(ASSIGNMENT) Look through the material below. Copy each line that contains the string "Definition".
*** Opening MATERIAL TO PROCESS ***
Lemma lower_raise p a : lower p (raise p a) = a.
Proof. destruct a; unfold lower, raise; simpl; f_equal; ring. Qed.

Lemma raise_lower p a : raise p (lower p a) = a.
Proof. destruct a; unfold lower, raise; simpl; f_equal; ring. Qed.

Lemma br_L_left p a :
  br (mkB KL p) a = (RtoC (beta (bk a) * p - bx a), raise p a) :: nil.
Proof.
  destruct a as [[] q]; unfold br, beta, raise; simpl; unfold RtoC; do 3 f_equal; field.
Qed.

Definition Lact (p : R) (g : B * B -> R) (t : B * B) : R :=
  (beta (bk (fst t)) * p - bx (lower p (fst t))) * g (lower p (fst t), snd t) +
  (beta (bk (snd t)) * p - bx (lower p (snd t))) * g (fst t, lower p (snd t)).

Lemma Lact_ext_add p g g1 g2 t :
  (forall t, g t = g1 t + g2 t) -> Lact p g t = Lact p g1 t + Lact p g2 t.
Proof. intro H; unfold Lact; rewrite !H; ring. Qed.

Lemma Lact_ext_zero p g t : (forall t, g t = 0) -> Lact p g t = 0.
Proof. intro H; unfold Lact; rewrite !H; ring. Qed.

Lemma raise_fst_iff p a a' u w :
  ((raise p a, a') = (u, w) :> B * B) <-> (a, a') = (lower p u, w).
Proof.
  split; intro E; injection E as E1 E2; subst;
    [rewrite lower_raise | rewrite raise_lower]; reflexivity.
Qed.

Lemma raise_snd_iff p a a' u w :
  ((a, raise p a') = (u, w) :> B * B) <-> (a, a') = (u, lower p w).
Proof.
  split; intro E; injection E as E1 E2; subst;
    [rewrite lower_raise | rewrite raise_lower]; reflexivity.
Qed.

Lemma if_dec_iff {P Q : Prop} {A : Type} (dp : {P} + {~ P}) (dq : {Q} + {~ Q}) (x y : A) :
  (P <-> Q) -> (if dp then x else y) = (if dq then x else y).
Proof. destruct dp, dq; tauto. Qed.

Lemma Cpart_act_L_single b p c a a' u w :
  Cpart b (coefV (act (mkB KL p) ((c, (a, a')) :: nil)) (u, w)) =
  Lact p (fun t => Cpart b (coefV ((c, (a, a')) :: nil) t)) (u, w).
Proof.
  unfold act; simpl flat_map; rewrite app_nil_r, !br_L_left.
  unfold Lact; simpl.
  rewrite (if_dec_iff _ (BB_eq_dec (a, a') (lower p u, w)) _ _ (raise_fst_iff p a a' u w)),
    (if_dec_iff _ (BB_eq_dec (a, a') (u, lower p w)) _ _ (raise_snd_iff p a a' u w)).
  destruct (BB_eq_dec (a, a') (lower p u, w)) as [E|],
    (BB_eq_dec (a, a') (u, lower p w)) as [E'|].
  - (* only possible for p = 0 *)
    rewrite E in E'; injection E as -> ->; injection E' as Eu _.
    apply (f_equal bx) in Eu; simpl in Eu.
    replace p with 0 by lra; destruct b; simpl; ring.
  - injection E as -> ->; destruct b; simpl; ring.
  - injection E' as -> ->; destruct b; simpl; ring.
  - destruct b; simpl; ring.
Qed.

Lemma act_cons x ct v : act x (ct :: v) = act x (ct :: nil) ++ act x v.
Proof. unfold act; cbn [flat_map]; rewrite app_nil_r; reflexivity. Qed.

Lemma Cpart_act_L b p v t :
  Cpart b (coefV (act (mkB KL p) v) t) = Lact p (fun t => Cpart b (coefV v t)) t.
Proof.
  destruct t as [u w].
  induction v as [|[c [a a']] v IH].
  - unfold Lact; simpl; rewrite Cpart_C0; ring.
  - rewrite act_cons; unfold coefV at 1; rewrite Cpart_coef_app; fold coefV.
    rewrite Cpart_act_L_single, IH.
    symmetry; apply Lact_ext_add; intro t; apply Cpart_coefV_cons.
Qed.

Definition Lcoef (b : bool) (d : B -> VecV) (p : R) (t : B * B) : R :=
  Cpart b (coefV (d (mkB KL p)) t).

Lemma Cpart_ext_br_LL b d p q t :
  Cpart b (coefV (ext d (br (mkB KL p) (mkB KL q))) t) = (p - q) * Lcoef b d (p + q) t.
Proof.
  unfold Lcoef; simpl; unfold coefV.
  rewrite Cpart_coef_app, coef_scale, Cpart_Cmul_real by reflexivity.
  simpl; rewrite Cpart_C0; ring.
Qed.

Lemma hom_derivation_witt Gam s pd d b p q t :
  hom_derivation Gam s pd d -> Gam p -> Gam q ->
  (p - q) * Lcoef b d (p + q) t = Lact p (Lcoef b d q) t - Lact q (Lcoef b d p) t.
Proof.
  intros [_ [_ Hder]] Hp Hq.
  specialize (Hder (mkB KL p) (mkB KL q) Hp Hq t).
  apply (f_equal (Cpart b)) in Hder.
  rewrite Cpart_ext_br_LL in Hder; rewrite Hder.
  unfold coefV at 1; rewrite Cpart_coef_app, !coef_scale; fold coefV.
  replace (pd && par (mkB KL p))%bool with false by (destruct pd; reflexivity).
  rewrite !Cpart_Cmul_real by (simpl; ring).
  rewrite !Cpart_act_L; simpl; unfold Lcoef; ring.
Qed.

Lemma derivation_witt Gam s d b p q t :
  (forall x y, Gam x -> Gam y -> Gam (x + y)) ->
  derivation Gam s d -> Gam p -> Gam q ->
  (p - q) * Lcoef b d (p + q) t = Lact p (Lcoef b d q) t - Lact q (Lcoef b d p) t.
Proof.
  intros Gam_add [d0 [d1 [Hd0 [Hd1 Hsum]]]] Hp Hq.
  assert (Hsplit : forall r, Gam r -> forall t,
    Lcoef b d r t = Lcoef b d0 r t + Lcoef b d1 r t).
  { intros r Hr t'; unfold Lcoef; rewrite (Hsum (mkB KL r) Hr); apply Cpart_coef_app. }
  rewrite (Hsplit _ (Gam_add _ _ Hp Hq)), (Lact_ext_add p _ _ _ _ (Hsplit q Hq)),
    (Lact_ext_add q _ _ _ _ (Hsplit p Hp)).
  pose proof (hom_derivation_witt Gam s false d0 b p q t Hd0 Hp Hq).
  pose proof (hom_derivation_witt Gam s true d1 b p q t Hd1 Hp Hq).
  lra.
Qed.

Definition finite_support {T : Type} (g : T -> R) : Prop :=
  exists l : list T, forall t, g t <> 0 -> In t l.

Lemma finite_support_Lcoef b d p : finite_support (Lcoef b d p).
Proof.
  exists (map snd (d (mkB KL p))); unfold Lcoef.
  induction (d (mkB KL p)) as [|[c x] v IH]; intro t; simpl.
  - rewrite Cpart_C0; tauto.
  - unfold coefV in *; simpl.
    destruct (BB_eq_dec x t); [left; assumption|].
    intro H; right; apply IH, H.
Qed.

Lemma finite_support_injective_absurd {T : Type} (g : T -> R) (f : nat -> T) :
  finite_support g -> (forall i j, f i = f j -> i = j) -> (forall n, g (f n) <> 0) -> False.
Proof.
  intros [l Hl] Hinj Hf.
  assert (Hnodup : NoDup (map f (seq 0 (S (length l))))).
  { apply Injective_map_NoDup; [exact Hinj | apply seq_NoDup]. }
  assert (Hincl : incl (map f (seq 0 (S (length l)))) l).
  { intros x Hx; apply in_map_iff in Hx as [n [<- _]]; apply Hl, Hf. }
  pose proof (NoDup_incl_length Hnodup Hincl) as Hlen.
  rewrite length_map, length_seq in Hlen; lia.
Qed.

Definition tens (k1 k2 : kind) (x y : R) : B * B := (mkB k1 x, mkB k2 y).

Lemma tens_eq k1 k2 x y x' y' : x = x' -> y = y' -> tens k1 k2 x y = tens k1 k2 x' y'.
Proof. now intros -> ->. Qed.

Lemma antidiag_absurd (g : B * B -> R) k1 k2 x y c :
  c <> 0 -> finite_support g ->
  (forall n, g (tens k1 k2 (x + INR n * c) (y - INR n * c)) <> 0) -> False.
Proof.
  intros Hc Hg; apply (finite_support_injective_absurd g _ Hg).
  intros i j E; injection E as E _.
  apply INR_eq, (Rmult_eq_reg_r c); [lra | exact Hc].
Qed.

Lemma Lact_tens p g k1 k2 x y x' y' :
  x' = x - p -> y' = y - p ->
  Lact p g (tens k1 k2 x y) =
  (beta k1 * p - x') * g (tens k1 k2 x' y) + (beta k2 * p - y') * g (tens k1 k2 x y').
Proof. now intros -> ->. Qed.

Lemma beta_ge_half k : / 2 <= beta k.
Proof. destruct k; simpl; lra. Qed.

Lemma beta_sum_mixed k1 k2 : beta k1 <> beta k2 -> beta k1 + beta k2 = 3 / 2.
Proof. destruct k1, k2; simpl; intro H; try (exfalso; apply H; reflexivity); lra. Qed.

Lemma INR_neq_5_half n : INR n <> 5 / 2.
Proof.
  destruct (Compare_dec.le_lt_dec n 2) as [Hn|Hn]; apply le_INR in Hn;
    rewrite ?S_INR in Hn; simpl in Hn; lra.
Qed.

Section WittFamily.

Variables (Gam : R -> Prop) (eps : R) (cd : R -> B * B -> R).
Hypothesis Gam0 : Gam 0.
Hypothesis Gam_add : forall x y, Gam x -> Gam y -> Gam (x + y).
Hypothesis Gam_opp : forall x, Gam x -> Gam (- x).
Hypothesis Gam_eps : Gam eps.
Hypothesis eps_pos : 0 < eps.
Hypothesis cd_witt : forall p q t, Gam p -> Gam q ->
  (p - q) * cd (p + q) t = Lact p (cd q) t - Lact q (cd p) t.
Hypothesis cd_finite : forall p, finite_support (cd p).
Hypothesis cd_graded : forall p u w, Gam p -> cd p (u, w) <> 0 -> bx u + bx w = p.
Hypothesis cd_eps : forall t, cd eps t = 0.

Lemma Gam_INR_eps n : Gam (INR n * eps).
Proof.
  induction n as [|n IH].
  - now rewrite Rmult_0_l.
  - rewrite S_INR, Rmult_plus_distr_r, Rmult_1_l; auto.
Qed.

Lemma Lact0_graded P t : Gam P -> Lact 0 (cd P) t = - P * cd P t.
Proof.
  intro HP; destruct t as [[k1 x] [k2 y]].
  rewrite (Lact_tens 0 _ k1 k2 x y x y) by ring.
  destruct (Req_dec (cd P (tens k1 k2 x y)) 0) as [Z|NZ].
  - unfold tens in *; rewrite Z; ring.
  - apply cd_graded in NZ; [simpl in NZ; unfold tens; rewrite <- NZ; ring | exact HP].
Qed.

Lemma Lact_cd0 P t : Gam P -> Lact P (cd 0) t = 0.
Proof.
  intro HP; pose proof (cd_witt 0 P t Gam0 HP) as E.
  rewrite Rplus_0_l, Lact0_graded in E by exact HP; lra.
Qed.

(* [L_P] kills [d(L_0)] for every [P] in [Gam]; for large [P] its weight on the first factor is
   nonzero, so a nonzero coefficient of [d(L_0)] would reappear at infinitely many places. *)
Lemma cd0_eq0 t : cd 0 t = 0.
Proof.
  destruct t as [[k1 x] [k2 y]]; fold (tens k1 k2 x y).
  apply NNPP; intro NZ.
  destruct (INR_unbounded (2 * Rabs x / eps)) as [N HN].
  assert (HNeps : 2 * Rabs x < INR N * eps).
  { apply (Rmult_lt_compat_r eps) in HN; [|lra].
    unfold Rdiv in HN; rewrite Rmult_assoc, Rinv_l in HN; lra. }
  apply (antidiag_absurd (cd 0) k1 k2 (x + INR N * eps) (y - INR N * eps) eps);
    [lra | apply cd_finite |].
  intro n; set (p := INR (N + n) * eps).
  assert (Hp : INR N * eps <= p).
  { apply Rmult_le_compat_r; [lra | apply le_INR; lia]. }
  pose proof (Lact_cd0 p (tens k1 k2 (x + p) y) (Gam_INR_eps (N + n))) as E.
  rewrite (Lact_tens p _ k1 k2 (x + p) y x (y - p)) in E by ring.
  rewrite (tens_eq k1 k2 _ _ (x + p) (y - p)) by (unfold p; rewrite plus_INR; ring).
  assert (Hw : 0 < beta k1 * p - x).
  { pose proof (beta_ge_half k1); pose proof (Rle_abs x); pose proof (Rabs_pos x).
    assert (0 <= (beta k1 - / 2) * p) by (apply Rmult_le_pos; lra).
    lra. }
  intro Z; rewrite Z, Rmult_0_r, Rplus_0_r in E.
  apply Rmult_integral in E as [E|E]; lra.
Qed.

Lemma Lact_eps_cd_meps t : Lact eps (cd (- eps)) t = 0.
Proof.
  pose proof (cd_witt eps (- eps) t Gam_eps (Gam_opp _ Gam_eps)) as E.
  rewrite Rplus_opp_r, cd0_eq0, (Lact_ext_zero (- eps) (cd eps) t cd_eps) in E; lra.
Qed.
*** Closing MATERIAL TO PROCESS ***
(WRITTEN ANSWER)
Definition Lact (p : R) (g : B * B -> R) (t : B * B) : R :=
Definition Lcoef (b : bool) (d : B -> VecV) (p : R) (t : B * B) : R :=
Definition finite_support {T : Type} (g : T -> R) : Prop :=
Definition tens (k1 k2 : kind) (x y : R) : B * B := (mkB k1 x, mkB k2 y).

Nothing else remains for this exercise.